| Stored items |
◆ ◆ ◆ ◆
(* Assume the multi-layer setting below with $\nabla f$ being $\hat L$-Lipschitz, and consider the multi-layer SAM flow at a point where not all $g_{k,l}$ vanish. Then for every layer $l\in[D]$ and all $i,j\in[K_l]$ with $i\neq j$, $$\frac{d}{dt}\big(\|\mathcal G_{i,l}\|_F^2-\|\mathcal G_{j,l}\|_F^2\big)=2\rho u_D\big(\|g_{i,l}\|_F^2-\|g_{j,l}\|_F^2\big)+R_{ij,l},$$ where there is a constant $C$ depending only on the maps $\Phi_1,\ldots,\Phi_D$, the $K_l$, $\hat L$, the Frobenius norms of all current cores and the norm of $\nabla f$ at the current point, such that $|R_{ij,l}|\le C\rho^2$ for all $\rho\in(0,1]$.
   Context: Multi-layer setting: there are $D$ layers. Layer $l\in[D]$ has $K_l\ge2$ cores $\mathcal G_{1,l},\ldots,\mathcal G_{K_l,l}$ lying in finite-dimensional real tensor spaces (Frobenius inner product $\langle\cdot,\cdot\rangle_F$, norm $\|\cdot\|_F$), and a multilinear map $\Phi_l$ producing the layer tensor $\mathcal T_l=\Phi_l(\mathcal G_{1,l},\ldots,\mathcal G_{K_l,l})$. The loss is $F=f(\mathcal T_1,\ldots,\mathcal T_D)$ with $f$ continuously differentiable and its full gradient $\hat L$-Lipschitz: $\|\nabla f(\mathcal X)-\nabla f(\mathcal Y)\|\le \hat L\|\mathcal X-\mathcal Y\|$ where $\|\mathcal X\|^2=\sum_l\|\mathcal X_l\|_F^2$ for $\mathcal X=(\mathcal X_1,\ldots,\mathcal X_D)$. Multi-layer SAM flow with radius $\rho>0$: $g_{k,l}=\nabla_{\mathcal G_{k,l}}F$ at the current cores, $u_D=(\sum_{l=1}^D\sum_{k=1}^{K_l}\|g_{k,l}\|_F^2)^{-1/2}$, $\tilde{\mathcal G}_{k,l}=\mathcal G_{k,l}+\rho u_D g_{k,l}$, $\tilde g_{k,l}=\nabla_{\mathcal G_{k,l}}F$ evaluated at all perturbed cores $\tilde{\mathcal G}$, and $\frac{d}{dt}\mathcal G_{k,l}=-\tilde g_{k,l}$ for all $k,l$. *)

From HB Require Import structures.
From mathcomp Require Import all_boot all_order all_algebra.
From mathcomp Require Import all_classical all_reals.
From mathcomp Require Import topology normedtype derive.
Unset Printing Implicit Defensive.
Import Order.TTheory GRing.Theory Num.Theory.
Import numFieldNormedType.Exports.
Local Open Scope ring_scope.

Section MultiLayer.
Variable R : realType.

(* A finite-dimensional real tensor space is represented by its flattening
   'rV[R]_n; the Frobenius inner product is the Euclidean one. *)
Definition dotF {n} (x y : 'rV[R]_n) : R := \sum_(i < n) x ord0 i * y ord0 i.
Definition normF {n} (x : 'rV[R]_n) : R := Num.sqrt (dotF x x).

Definition multilinear {K : nat} {n : 'I_K -> nat} {m : nat}
  (Phi : (forall k : 'I_K, 'rV[R]_(n k)) -> 'rV[R]_m) : Prop :=
  forall (x : forall k : 'I_K, 'rV[R]_(n k)) (k : 'I_K) (a : R) (y z : 'rV[R]_(n k)),
    Phi (dfwith x k (a *: y + z)) = a *: Phi (dfwith x k y) + Phi (dfwith x k z).

Variables (D : nat) (K : 'I_D -> nat) (n : forall l : 'I_D, 'I_(K l) -> nat)
          (m : 'I_D -> nat).

Definition tens := forall l : 'I_D, 'rV[R]_(m l).
Definition addT (X Y : tens) : tens := fun l => X l + Y l.
Definition scaleT (a : R) (X : tens) : tens := fun l => a *: X l.
Definition oppT (X : tens) : tens := fun l => - X l.
Definition dotT (X Y : tens) : R := \sum_(l < D) dotF (X l) (Y l).
Definition normT (X : tens) : R := Num.sqrt (\sum_(l < D) normF (X l) ^+ 2).

Definition cores := forall l : 'I_D, forall k : 'I_(K l), 'rV[R]_(n l k).
Definition addC (G H : cores) : cores := fun l k => G l k + H l k.
Definition scaleC (a : R) (G : cores) : cores := fun l k => a *: G l k.
Definition zeroC : cores := fun l k => 0.
Definition singleC {l : 'I_D} {k : 'I_(K l)} (v : 'rV[R]_(n l k)) : cores :=
  dfwith zeroC l (dfwith (zeroC l) k v).

Variable Phi : forall l : 'I_D, (forall k : 'I_(K l), 'rV[R]_(n l k)) -> 'rV[R]_(m l).

Definition layers (G : cores) : tens := fun l => Phi l (G l).

Definition lossF (f : tens -> R) (G : cores) : R := f (layers G).

Definition gradC (f : tens -> R) (G : cores) (l : 'I_D) (k : 'I_(K l))
  : 'rV[R]_(n l k) :=
  \row_(i < n l k)
     derive (fun s : R => lossF f (addC G (scaleC s (singleC (delta_mx ord0 i)))))
            0 1.

Definition uD (f : tens -> R) (G : cores) : R :=
  (Num.sqrt (\sum_(l < D) \sum_(k < K l) normF (gradC f G l k) ^+ 2))^-1.

Definition perturbed (f : tens -> R) (rho : R) (G : cores) : cores :=
  fun l k => G l k + (rho * uD f G) *: gradC f G l k.

Definition samGrad (f : tens -> R) (rho : R) (G : cores) (l : 'I_D) (k : 'I_(K l))
  : 'rV[R]_(n l k) := gradC f (perturbed f rho G) l k.

(* "f is continuously differentiable with gradient gf": directional derivatives
   are given by <gf X, H>; continuity of gf follows from the Lipschitz hypothesis *)
Definition has_gradient (f : tens -> R) (gf : tens -> tens) : Prop :=
  forall X H : tens,
    is_derive (0 : R) (1 : R) (fun s : R => f (addT X (scaleT s H))) (dotT (gf X) H).

Definition lipschitz_grad (gf : tens -> tens) (Lhat : R) : Prop :=
  forall X Y : tens, normT (addT (gf X) (oppT (gf Y))) <= Lhat * normT (addT X (oppT Y)).

Definition sam_flow_at (f : tens -> R) (rho : R) (gamma : R -> cores) (t : R) : Prop :=
  forall (l : 'I_D) (k : 'I_(K l)),
    is_derive t (1 : R) (fun s : R => gamma s l k) (- samGrad f rho (gamma t) l k).

End MultiLayer.

Arguments multilinear {R K n m} Phi.
Arguments normT {R D m} X.
Arguments dotT {R D m} X Y.
Arguments layers {R D K n m} Phi G l.
Arguments lossF {R D K n m} Phi f G.
Arguments gradC {R D K n m} Phi f G l k.
Arguments uD {R D K n m} Phi f G.
Arguments perturbed {R D K n m} Phi f rho G l k.
Arguments samGrad {R D K n m} Phi f rho G l k.
Arguments has_gradient {R D m} f gf.
Arguments lipschitz_grad {R D m} gf Lhat.
Arguments sam_flow_at {R D K n m} Phi f rho gamma t.
Arguments dotF {R n} x y.
Arguments normF {R n} x.

(* Euler's identity for multilinear maps gives <G_{k,l}, grad_{G_{k,l}} F> = <grad_{T_l} f, T_l>
   for every core k of layer l.  Along the SAM flow d/dt ||G_{k,l}||^2 = -2 <G_{k,l}, g~_{k,l}>,
   and writing G_{k,l} = G~_{k,l} - rho u_D g_{k,l} this is
   -2 <grad_{T_l} f(T~), T~_l> + 2 rho u_D <g_{k,l}, g~_{k,l}>, whose first term does not depend
   on k.  The difference for i and j is therefore 2 rho u_D (||g_i||^2 - ||g_j||^2) plus
   2 rho u_D (<g_i, g~_i - g_i> - <g_j, g~_j - g_j>).  As rho u_D ||g_{k,l}|| <= rho, it remains to
   see g~ - g = O(rho): every core moves by O(rho), multilinear maps are Lipschitz on bounded
   sets (estimated in the l1 norm, where ||Phi(w)||_1 <= M prod_k ||w_k||_1), and grad f is
   Lipschitz. *)

From Pilot Require Import Defs.
From HB Require Import structures.
From mathcomp Require Import all_boot all_order all_algebra.
From mathcomp Require Import all_classical all_reals.
From mathcomp Require Import topology normedtype derive.
From mathcomp Require Import ring lra.
Unset Printing Implicit Defensive.

Import Order.TTheory GRing.Theory Num.Theory.
Import numFieldNormedType.Exports.
Local Open Scope ring_scope.

Section RowNorms.
Context {R : realType}.

Lemma sqrtr_le_sqr (a b : R) : 0 <= b -> a <= b ^+ 2 -> Num.sqrt a <= b.
Proof. by move=> b0 /ler_wsqrtr; rewrite sqrtr_sqr ger0_norm. Qed.

Lemma ler_sqr_sqrtr (a b : R) : 0 <= b -> b ^+ 2 <= a -> b <= Num.sqrt a.
Proof. by move=> b0 /ler_wsqrtr; rewrite sqrtr_sqr ger0_norm. Qed.

Lemma sum_sqr_le_sqr_sum {I : finType} {a : I -> R} : (forall i, 0 <= a i) ->
  \sum_i a i ^+ 2 <= (\sum_i a i) ^+ 2.
Proof.
move=> a0; rewrite expr2 mulr_suml; apply: ler_sum => i _.
by rewrite expr2 ler_wpM2l // (bigD1 i) //= lerDl sumr_ge0.
Qed.

Definition norm1 {n} (x : 'rV[R]_n) : R := \sum_(p < n) `|x ord0 p|.

Lemma norm1_ge0 {n} (x : 'rV[R]_n) : 0 <= norm1 x.
Proof. exact: sumr_ge0. Qed.

Lemma norm1_0 {n} : norm1 (0 : 'rV[R]_n) = 0.
Proof. by rewrite /norm1 big1 // => p _; rewrite mxE normr0. Qed.

Lemma norm1D {n} (x y : 'rV[R]_n) : norm1 (x + y) <= norm1 x + norm1 y.
Proof. by rewrite /norm1 -big_split; apply: ler_sum => p _; rewrite mxE ler_normD. Qed.

Lemma norm1Z {n} a (x : 'rV[R]_n) : norm1 (a *: x) = `|a| * norm1 x.
Proof. by rewrite /norm1 mulr_sumr; apply: eq_bigr => p _; rewrite mxE normrM. Qed.

Lemma norm1_sum {n} {I : Type} (s : seq I) (P : pred I) (v : I -> 'rV[R]_n) :
  norm1 (\sum_(i <- s | P i) v i) <= \sum_(i <- s | P i) norm1 (v i).
Proof.
apply: (big_ind2 (fun a b => norm1 a <= b)); rewrite ?norm1_0 //.
by move=> a1 b1 a2 b2 h1 h2; apply: le_trans (norm1D _ _) (lerD h1 h2).
Qed.

Lemma norm1_delta {n} (p : 'I_n) : norm1 (delta_mx 0 p : 'rV[R]_n) = 1.
Proof.
rewrite /norm1 (bigD1 p) //= big1 ?addr0; first by rewrite mxE !eqxx normr1.
by move=> q /negbTE qp; rewrite mxE eq_sym qp andbF normr0.
Qed.

Lemma ler_coord_norm1 {n} (x : 'rV[R]_n) p : `|x ord0 p| <= norm1 x.
Proof. by rewrite /norm1 (bigD1 p) //= lerDl sumr_ge0. Qed.

Lemma dotF_sqr {n} (x : 'rV[R]_n) : dotF x x = \sum_p x ord0 p ^+ 2.
Proof. by apply: eq_bigr => p _; rewrite expr2. Qed.

Lemma dotF_ge0 {n} (x : 'rV[R]_n) : 0 <= dotF x x.
Proof. by rewrite dotF_sqr sumr_ge0 // => p _; apply: sqr_ge0. Qed.

Lemma dotF_gt0 {n} (x : 'rV[R]_n) : x != 0 -> 0 < dotF x x.
Proof.
move=> x0; have /existsP [p xp] : [exists p, x ord0 p != 0].
  apply: contraNT x0 => /existsPn x0; apply/eqP/rowP => p; rewrite mxE.
  by apply/eqP; rewrite -[_ == _]negbK x0.
rewrite dotF_sqr (bigD1 p) //= ltr_pwDl ?sumr_ge0 // => [|q _].
  by rewrite lt_neqAle sqr_ge0 andbT eq_sym sqrf_eq0.
exact: sqr_ge0.
Qed.

Lemma normF_ge0 {n} (x : 'rV[R]_n) : 0 <= normF x.
Proof. exact: sqrtr_ge0. Qed.

Lemma normF_sqr {n} (x : 'rV[R]_n) : normF x ^+ 2 = dotF x x.
Proof. by rewrite sqr_sqrtr // dotF_ge0. Qed.

Lemma ler_coord_normF {n} (x : 'rV[R]_n) p : `|x ord0 p| <= normF x.
Proof.
apply: ler_sqr_sqrtr => //; rewrite real_normK ?num_real // dotF_sqr (bigD1 p) //=.
by rewrite lerDl sumr_ge0 // => q _; apply: sqr_ge0.
Qed.

Lemma normF_le_norm1 {n} (x : 'rV[R]_n) : normF x <= norm1 x.
Proof.
apply: sqrtr_le_sqr; first exact: norm1_ge0.
rewrite dotF_sqr; under eq_bigr do rewrite -real_normK ?num_real //.
exact: sum_sqr_le_sqr_sum.
Qed.

Lemma norm1_le_normF {n} (x : 'rV[R]_n) : norm1 x <= n%:R * normF x.
Proof.
rewrite /norm1 mulr_natl -[X in _ *+ X](card_ord n) -sumr_const.
by apply: ler_sum => p _; apply: ler_coord_normF.
Qed.

Lemma ler_dotF {n} (a b : 'rV[R]_n) : `|dotF a b| <= normF a * norm1 b.
Proof.
rewrite /dotF /norm1 mulr_sumr; apply: le_trans (ler_norm_sum _ _ _) _.
by apply: ler_sum => p _; rewrite normrM ler_wpM2r // ler_coord_normF.
Qed.

Lemma dotFC {n} (a b : 'rV[R]_n) : dotF a b = dotF b a.
Proof. by apply: eq_bigr => p _; rewrite mulrC. Qed.

Lemma dotF_sumr {n} {I : Type} (s : seq I) (P : pred I) (a : 'rV[R]_n) v :
  dotF a (\sum_(i <- s | P i) v i) = \sum_(i <- s | P i) dotF a (v i).
Proof.
rewrite /dotF exchange_big /=; apply: eq_bigr => p _.
by rewrite summxE mulr_sumr.
Qed.

Lemma dotFDr {n} (a b c : 'rV[R]_n) : dotF a (b + c) = dotF a b + dotF a c.
Proof. by rewrite /dotF -big_split; apply: eq_bigr => p _; rewrite mxE mulrDr. Qed.

Lemma dotFNr {n} (a b : 'rV[R]_n) : dotF a (- b) = - dotF a b.
Proof. by rewrite /dotF -sumrN; apply: eq_bigr => p _; rewrite mxE mulrN. Qed.

Lemma dotFBr {n} (a b c : 'rV[R]_n) : dotF a (b - c) = dotF a b - dotF a c.
Proof. by rewrite dotFDr dotFNr. Qed.

Lemma dotFZr {n} k (a b : 'rV[R]_n) : dotF a (k *: b) = k * dotF a b.
Proof. by rewrite /dotF mulr_sumr; apply: eq_bigr => p _; rewrite mxE mulrCA. Qed.

Lemma dotFBl {n} (a b c : 'rV[R]_n) : dotF (b - c) a = dotF b a - dotF c a.
Proof. by rewrite dotFC dotFBr !(dotFC a). Qed.

Lemma dotFZl {n} k (a b : 'rV[R]_n) : dotF (k *: b) a = k * dotF b a.
Proof. by rewrite dotFC dotFZr dotFC. Qed.

End RowNorms.

Lemma dfwith_id {I : eqType} {T : I -> Type} (x : forall i, T i) i : dfwith x i (x i) = x.
Proof. by apply: functional_extensionality_dep => j; case: dfwithP. Qed.

Section Multilinear.
Context {R : realType} {K : nat} {n : 'I_K -> nat} {m : nat}
  {Phi : (forall k : 'I_K, 'rV[R]_(n k)) -> 'rV[R]_m}.
Hypothesis Phi_ml : multilinear Phi.
Implicit Types (x w : forall k : 'I_K, 'rV[R]_(n k)) (k : 'I_K).

Lemma multilinear0 x k : Phi (dfwith x k 0) = 0.
Proof.
have := @Phi_ml x k 1 0 0; rewrite !scale1r addr0 => /esym/eqP.
by rewrite -subr_eq0 addrK => /eqP.
Qed.

Lemma multilinearD x k y z :
  Phi (dfwith x k (y + z)) = Phi (dfwith x k y) + Phi (dfwith x k z).
Proof. by have := @Phi_ml x k 1 y z; rewrite !scale1r. Qed.

Lemma multilinearZ x k a y : Phi (dfwith x k (a *: y)) = a *: Phi (dfwith x k y).
Proof. by have := @Phi_ml x k a y 0; rewrite !addr0 multilinear0 addr0. Qed.

Lemma multilinear_expand x k :
  Phi x = \sum_p x k ord0 p *: Phi (dfwith x k (delta_mx 0 p)).
Proof.
rewrite -{1}(dfwith_id x k) {1}(row_sum_delta (x k)).
apply: (big_ind2 (fun y s => Phi (dfwith x k y) = s)).
- exact: multilinear0.
- by move=> y1 s1 y2 s2 <- <-; rewrite multilinearD.
- by move=> p _; rewrite multilinearZ.
Qed.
◆ ◆ ◆ ◆
| WHAT YOU ARE ASKED TO DO |
Write out exactly the lines above between the line with "(Phi : (forall" and the line with "Definition lossF (f", inclusive, and nothing beyond them.

| TASK RESULT |
  (Phi : (forall k : 'I_K, 'rV[R]_(n k)) -> 'rV[R]_m) : Prop :=
  forall (x : forall k : 'I_K, 'rV[R]_(n k)) (k : 'I_K) (a : R) (y z : 'rV[R]_(n k)),
    Phi (dfwith x k (a *: y + z)) = a *: Phi (dfwith x k y) + Phi (dfwith x k z).

Variables (D : nat) (K : 'I_D -> nat) (n : forall l : 'I_D, 'I_(K l) -> nat)
          (m : 'I_D -> nat).

Definition tens := forall l : 'I_D, 'rV[R]_(m l).
Definition addT (X Y : tens) : tens := fun l => X l + Y l.
Definition scaleT (a : R) (X : tens) : tens := fun l => a *: X l.
Definition oppT (X : tens) : tens := fun l => - X l.
Definition dotT (X Y : tens) : R := \sum_(l < D) dotF (X l) (Y l).
Definition normT (X : tens) : R := Num.sqrt (\sum_(l < D) normF (X l) ^+ 2).

Definition cores := forall l : 'I_D, forall k : 'I_(K l), 'rV[R]_(n l k).
Definition addC (G H : cores) : cores := fun l k => G l k + H l k.
Definition scaleC (a : R) (G : cores) : cores := fun l k => a *: G l k.
Definition zeroC : cores := fun l k => 0.
Definition singleC {l : 'I_D} {k : 'I_(K l)} (v : 'rV[R]_(n l k)) : cores :=
  dfwith zeroC l (dfwith (zeroC l) k v).

Variable Phi : forall l : 'I_D, (forall k : 'I_(K l), 'rV[R]_(n l k)) -> 'rV[R]_(m l).

Definition layers (G : cores) : tens := fun l => Phi l (G l).

Definition lossF (f : tens -> R) (G : cores) : R := f (layers G).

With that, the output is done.